Lemma probability_lt_mean0 (m : R) : \int[P]_x (g x)%:E = m%:E ->
  (forall x, D x -> g x <= m)%R -> P (D `&` [set x | g x < m]%R) = 0.
Proof.
move=> Ig gm.
have I0 : \int[P]_(x in D) `|(m - g x)%:E| = 0.
  rewrite (eq_integral (fun x => (cst m x)%:E - (g x)%:E)); last first.
    by move=> x /set_mem Dx; rewrite abse_EFin ger0_norm ?subr_ge0 ?gm.
  rewrite integralB_EFin //; last exact: finite_measure_integrable_cst.
  have -> : \int[P]_(x in D) (cst m x)%:E = m%:E.
    rewrite (eq_integral (cst m%:E)) // integral_cst //.
    by change (m%:E * P D = m%:E); rewrite PD mule1.
  by rewrite -(integral_full_set mD PD) ?Ig ?subee //; exact/measurable_EFinP.
have mmg : measurable_fun D (fun x => (m - g x)%:E).
  by apply/measurable_EFinP/measurable_funB => //; exact: measurable_funS mg.
have [N [mN PN0 DN]] := (ae_eq_integral_abs P mD mmg).1 I0.
apply/eqP; rewrite eq_le measure_ge0 andbT -PN0 le_measure ?inE //.
  by apply: measurableI => //; exact: measurable_sublevel_lt.
move=> x [Dx /= gx]; apply: DN => /(_ Dx) [] /eqP; rewrite subr_eq0 => /eqP gxm.
by move: gx; rewrite -gxm ltxx.
Qed.

Lemma atom_eq_mean (m x : R) : \int[P]_x (g x)%:E = m%:E ->
  (forall x, D x -> g x <= m)%R -> D x -> 0 < P [set x] -> g x = m.
Proof.
move=> Ig gm Dx Px; apply/le_anti; rewrite gm //= leNgt; apply/negP => gxm.
suff : P [set x] <= 0 by rewrite leNgt Px.
rewrite -(probability_lt_mean0 Ig gm) le_measure ?inE //.
- by apply: measurableI => //; exact: measurable_sublevel_lt.
- by move=> y /= ->.
Qed.

End bounded_mean.

Lemma measurable_fun_cst_off_point (R : realType) (f : R -> R) (a : R) :
  (forall x y, x < a -> y < a -> f x = f y) ->
  (forall x y, a < x -> a < y -> f x = f y) -> measurable_fun [set: R] f.
Proof.
move=> fl fr.
have -> : f = fun x => if x < a then f (a - 1) else if a < x then f (a + 1) else f a.
  by apply/funext => x; have [xa|ax|->] := ltgtP x a; [apply: fl | apply: fr |]; lra.
by do 2?apply: measurable_fun_ifT => //; apply: measurable_fun_ltr.
Qed.

Section win_probability.
Context (R : realType) (B v : bool -> R).

Lemma win_prob_above (i : bool) (x y : R) : y < x -> win_prob B v i x y = 1.
Proof. by move=> yx; rewrite /win_prob yx. Qed.

Lemma win_prob_below (i : bool) (x y : R) : x < y -> win_prob B v i x y = 0.
Proof. by move=> xy; rewrite /win_prob xy ltNge (ltW xy). Qed.

Lemma win_prob_itv (i : bool) (x y : R) : 0 <= win_prob B v i x y <= 1.
Proof.
rewrite /win_prob; repeat case: ifP => _; rewrite ?lexx ?ler01 //.
by rewrite invr_ge0 ler0n invf_le1 ?ler1n // ltr0n.
Qed.

Lemma win_prob_tie_cases (i : bool) (x : R) :
  [\/ win_prob B v i x x = 1 /\ win_prob B v (~~ i) x x = 0,
      win_prob B v i x x = 0 /\ win_prob B v (~~ i) x x = 1 |
      win_prob B v i x x = 2^-1 /\ win_prob B v (~~ i) x x = 2^-1].
Proof.
rewrite /win_prob ltxx negbK.
case: (x == Lval B v); rewrite /= ?andbF ?andbT /=; last exact: Or33.
have [lt_ji|_] := boolP (Num.min (B (~~ i)) (v (~~ i)) < Num.min (B i) (v i)).
  by apply: Or31; rewrite ltNge (ltW lt_ji).
by case: ifP => _; [exact: Or32 | exact: Or33].
Qed.

Lemma norm_utility_le (i : bool) (x y : R) :
  0 < v i -> 0 <= x <= B i -> `|utility B v i x y| <= v i + B i.
Proof.
move=> vi0 /andP[x0 xB]; have /andP[w0 w1] := win_prob_itv i x y.
have vw0 : 0 <= v i * win_prob B v i x y by rewrite mulr_ge0 // ltW.
have vw1 : v i * win_prob B v i x y <= v i by rewrite ler_piMr // ltW.
by rewrite /utility ler_norml; apply/andP; split; lra.
Qed.

Lemma measurable_utility_opponent (i : bool) (x : R) :
  measurable_fun [set: R] (fun y => utility B v i x y).
Proof.
rewrite /utility; apply: measurable_funB => //; apply: measurable_funM => //.
by apply: (measurable_fun_cst_off_point (a := x)) => y z yx zx;
  [rewrite !win_prob_above | rewrite !win_prob_below].
Qed.

Lemma measurable_utility_own (i : bool) (y : R) :
  measurable_fun [set: R] (fun x => utility B v i x y).
Proof.
rewrite /utility; apply: measurable_funB => //; apply: measurable_funM => //.
by apply: (measurable_fun_cst_off_point (a := y)) => x z xy zy;
  [rewrite !win_prob_below | rewrite !win_prob_above].
Qed.

Lemma Lval_eq (i : bool) (c : R) :
  B i = c -> c <= B (~~ i) -> c <= v i -> c <= v (~~ i) -> Lval B v = c.
Proof.
rewrite /Lval; case: i => /= <- h1 h2 h3; apply/le_anti/andP; split;
  rewrite ?ge_min ?le_min ?lexx ?h1 ?h2 ?h3 ?orbT //.
Qed.

End win_probability.

Section expected_utility.
Context (R : realType) (B v : bool -> R).
Local Open Scope ereal_scope.

Lemma is_strategy_dirac (k : bool) (x : R) :
  (0 <= x <= B k)%R -> is_strategy B k \d_x.
Proof.
move=> xB; rewrite /is_strategy; transitivity (((x \in [set` `[0, B k]])%:R)%:E : \bar R).
  exact: diracE.
by rewrite mem_set //= in_itv /= xB.
Qed.

Lemma integral_dirac_EFin (x : R) (f : R -> R) :
  measurable_fun [set: R] f -> \int[\d_x]_y (f y)%:E = (f x)%:E.
Proof. by move=> mf; rewrite integral_dirac ?diracT ?mul1e //; exact/measurable_EFinP. Qed.

Lemma exp_utility_point_mass (k : bool) (nu P : probability R R) (c : R) :
  P [set c] = 1 -> exp_utility B v k nu P = \int[nu]_x (utility B v k x c)%:E.
Proof.
move=> Pc; rewrite /exp_utility; apply: eq_integral => x _.
apply: integral_point_mass Pc _; apply/measurable_EFinP.
exact: measurable_utility_opponent.
Qed.

Lemma exp_utility_two_point (k : bool) (nu Q : probability R R) (a b p q : R) :
  a != b -> Q [set a; b] = 1 -> Q [set a] = p%:E -> Q [set b] = q%:E ->
  exp_utility B v k nu Q =
  \int[nu]_x (utility B v k x a * p + utility B v k x b * q)%:E.
Proof.
move=> ab Qab Qa Qb; rewrite /exp_utility; apply: eq_integral => x _.
rewrite (integral_two_point_mass ab Qab) ?Qa ?Qb ?EFinD ?EFinM //.
apply/measurable_EFinP; exact: measurable_utility_opponent.
Qed.

End expected_utility.

Section best_response_to_pure_bid.
Context (R : realType) (B v : bool -> R) (i : bool) (P Q : probability R R) (c : R).
Hypotheses (vi0 : 0 < v i) (Pc : P [set c] = 1%E)
  (QB : is_strategy B i Q)
  (Qbest : forall nu, is_strategy B i nu ->
     (exp_utility B v i nu P <= exp_utility B v i Q P)%E).

Local Notation g x := (utility B v i x c).
Local Notation m := (fine (exp_utility B v i Q P)).

Let mD : measurable [set` `[0, B i]]. Proof. exact: measurable_itv. Qed.

Let mg : measurable_fun [set: R] (fun x => g x).
Proof. exact: measurable_utility_own. Qed.

Let gK x : [set` `[0, B i]] x -> `|g x| <= v i + B i.
Proof. by rewrite /= in_itv /=; exact: norm_utility_le. Qed.

Lemma exp_utility_best_response :
  (\int[Q]_x (g x)%:E = m%:E)%E /\ exp_utility B v i Q P = m%:E.
Proof.
rewrite (exp_utility_point_mass B v i Q Pc) fineK //.
exact: bounded_integral_fin_num mD QB mg gK.
Qed.

Lemma utility_le_best_response (x : R) : 0 <= x <= B i -> g x <= m.
Proof.
move=> xB; have := Qbest (is_strategy_dirac xB).
rewrite (exp_utility_best_response).2 (exp_utility_point_mass B v i _ Pc).
by rewrite integral_dirac_EFin //; exact: measurable_utility_own.
Qed.

Let utility_le_best_response_itv x : [set` `[0, B i]] x -> g x <= m.
Proof. by rewrite /= in_itv; exact: utility_le_best_response. Qed.

(* Against a bid [c], bidding below [c] only loses money, and bidding above
   [c] wins, so any [x] other than [0] and [c] is beaten by a bid half-way to
   [0] or to [c]. *)
Lemma best_response_bids (x : R) :
  0 <= c -> 0 <= x <= B i -> m <= g x -> x = 0 \/ x = c.
Proof.
move=> c0 /andP[x0 xB] mx.
have below y : y < c -> g y = - y by move=> yc; rewrite /utility win_prob_below ?mulr0 ?sub0r.
have above y : c < y -> g y = v i - y by move=> cy; rewrite /utility win_prob_above ?mulr1.
have [xc|cx|->] := ltrgtP x c; [left | exfalso | by right].
  apply/eqP; rewrite eq_le x0 andbT leNgt; apply/negP => x_gt0.
  have := utility_le_best_response (x := x / 2) (ltac:(apply/andP; split; lra)).
  rewrite below ?below // in mx *; lra.
have := utility_le_best_response (x := (c + x) / 2) (ltac:(apply/andP; split; lra)).
rewrite above ?above // in mx *; lra.
Qed.

Lemma best_response_two_point : 0 <= c -> Q [set 0; c] = 1%E.
Proof.
move=> c0.
have mA : measurable [set 0; c] by exact: measurableU.
have null_lt := probability_lt_mean0 mD QB mg gK
  (exp_utility_best_response).1 utility_le_best_response_itv.
apply: probability_full_setC => //; apply/eqP.
rewrite eq_le measure_ge0 andbT -(probability_setC_full mD QB).
rewrite -[leRHS]adde0 -[X in (_ + X)%E]null_lt.
apply: (le_trans _ (measureU2 _ _ _)); first apply: le_measure; rewrite ?inE //.
- exact: measurableC.
- apply: measurableU; first exact: measurableC.
  by apply: measurableI => //; exact: measurable_sublevel_lt.
- move=> x /= nAx; have [xB|xB] := boolP (0 <= x <= B i); last first.
    by left; rewrite /= in_itv /=; exact/negP.
  right; split; first by rewrite /= in_itv.
  rewrite /= ltNge; apply/negP => mx; apply: nAx.
  by case: (best_response_bids c0 xB mx) => ->; [left | right].
- exact: measurableC.
- by apply: measurableI => //; exact: measurable_sublevel_lt.
Qed.

Lemma best_response_atom (x : R) : 0 <= x <= B i -> (0 < Q [set x])%E -> g x = m.
Proof.
move=> xB; apply: (atom_eq_mean mD QB mg gK (exp_utility_best_response).1).
  exact: utility_le_best_response_itv.
by rewrite /= in_itv.
Qed.

End best_response_to_pure_bid.

Lemma subset2_inf_lt_sup (R : realType) (S : set R) (a b : R) :
  S `<=` [set a; b] -> inf S < sup S -> S = [set a; b] /\ a != b.
Proof.
move=> Sab infS.
have sub1 x : S `<=` [set x] -> False.
  move=> Sx; have [S0|/set0P[y Sy]] := eqVneq S set0.
    by rewrite S0 inf0 sup0 ltxx in infS.
  have Sxx : S = [set x].
    by apply/seteqP; split => // z /= ->; rewrite -(Sx y Sy).
  by rewrite Sxx inf1 sup1 ltxx in infS.
have Sa : S a.
  apply: contrapT => nSa; apply: (sub1 b) => x Sx.
  by case: (Sab x Sx) => // xa; move: Sx; rewrite xa.
have Sb : S b.
  apply: contrapT => nSb; apply: (sub1 a) => x Sx.
  by case: (Sab x Sx) => // xb; move: Sx; rewrite xb.
split; first by apply/seteqP; split => // x [] ->.
by apply/eqP => ab; apply: (sub1 a) => x /Sab[] // ->; rewrite ab.
Qed.

Lemma msupp_strategy (R : realType) (B : bool -> R) (k : bool) (mk : probability R R) :
  is_strategy B k mk -> msupp mk `<=` [set` `[0, B k]].
Proof. by apply: msupp_closed_full; exact: interval_closed. Qed.

Section pure_against_mixed.
Context (R : realType) (B v : bool -> R) (mu : bool -> probability R R) (i : bool).
Hypotheses (hB : forall k, 0 <= B k) (hv : forall k, 0 < v k)
  (Hnash : nash_eq B v mu)
  (Hpure : inf (msupp (mu (~~ i))) = sup (msupp (mu (~~ i))))
  (Hmixed : inf (msupp (mu i)) < sup (msupp (mu i))).

Local Notation c := (inf (msupp (mu (~~ i)))).
Local Notation P := (mu (~~ i)).
Local Notation Q := (mu i).
Local Notation p := (fine (Q [set 0])).
Local Notation q := (fine (Q [set c])).

Lemma pure_point_mass : P [set c] = 1%E.
Proof.
have Ssub := msupp_strategy (Hnash.1 (~~ i)).
apply: msupp_sub1_point_mass => x Sx /=; apply/le_anti/andP; split.
  rewrite Hpure; apply: sup_upper_bound => //; split; first by exists x.
  by exists (B (~~ i)) => y /Ssub /=; rewrite in_itv => /andP[].
by apply: ge_inf => //; exists 0 => y /Ssub /=; rewrite in_itv => /andP[].
Qed.

Lemma pure_bid_itv : 0 <= c <= B (~~ i).
Proof.
by have := msupp_strategy (Hnash.1 (~~ i)) (point_mass_msupp pure_point_mass);
  rewrite /= in_itv.
Qed.

Let c_ge0 : 0 <= c. Proof. by case/andP: pure_bid_itv. Qed.

Lemma mixed_two_point : Q [set 0; c] = 1%E.
Proof. exact: best_response_two_point (hv i) pure_point_mass (Hnash.1 i) (Hnash.2 i) c_ge0. Qed.

Lemma msupp_mixed : msupp Q = [set 0; c] /\ 0 < c.
Proof.
have closed_0c : closed [set 0; c].
  by apply: closedU; exact/accessible_closed_set1/hausdorff_accessible/Rhausdorff.
have [-> c0] := subset2_inf_lt_sup (msupp_closed_full closed_0c mixed_two_point) Hmixed.
by split => //; rewrite lt_neqAle c0 c_ge0.
Qed.

Let c_gt0 : 0 < c. Proof. exact: msupp_mixed.2. Qed.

Problem:
For the entries above, count the lines that contain the string "forall", and state that number without further comment.

Result:
6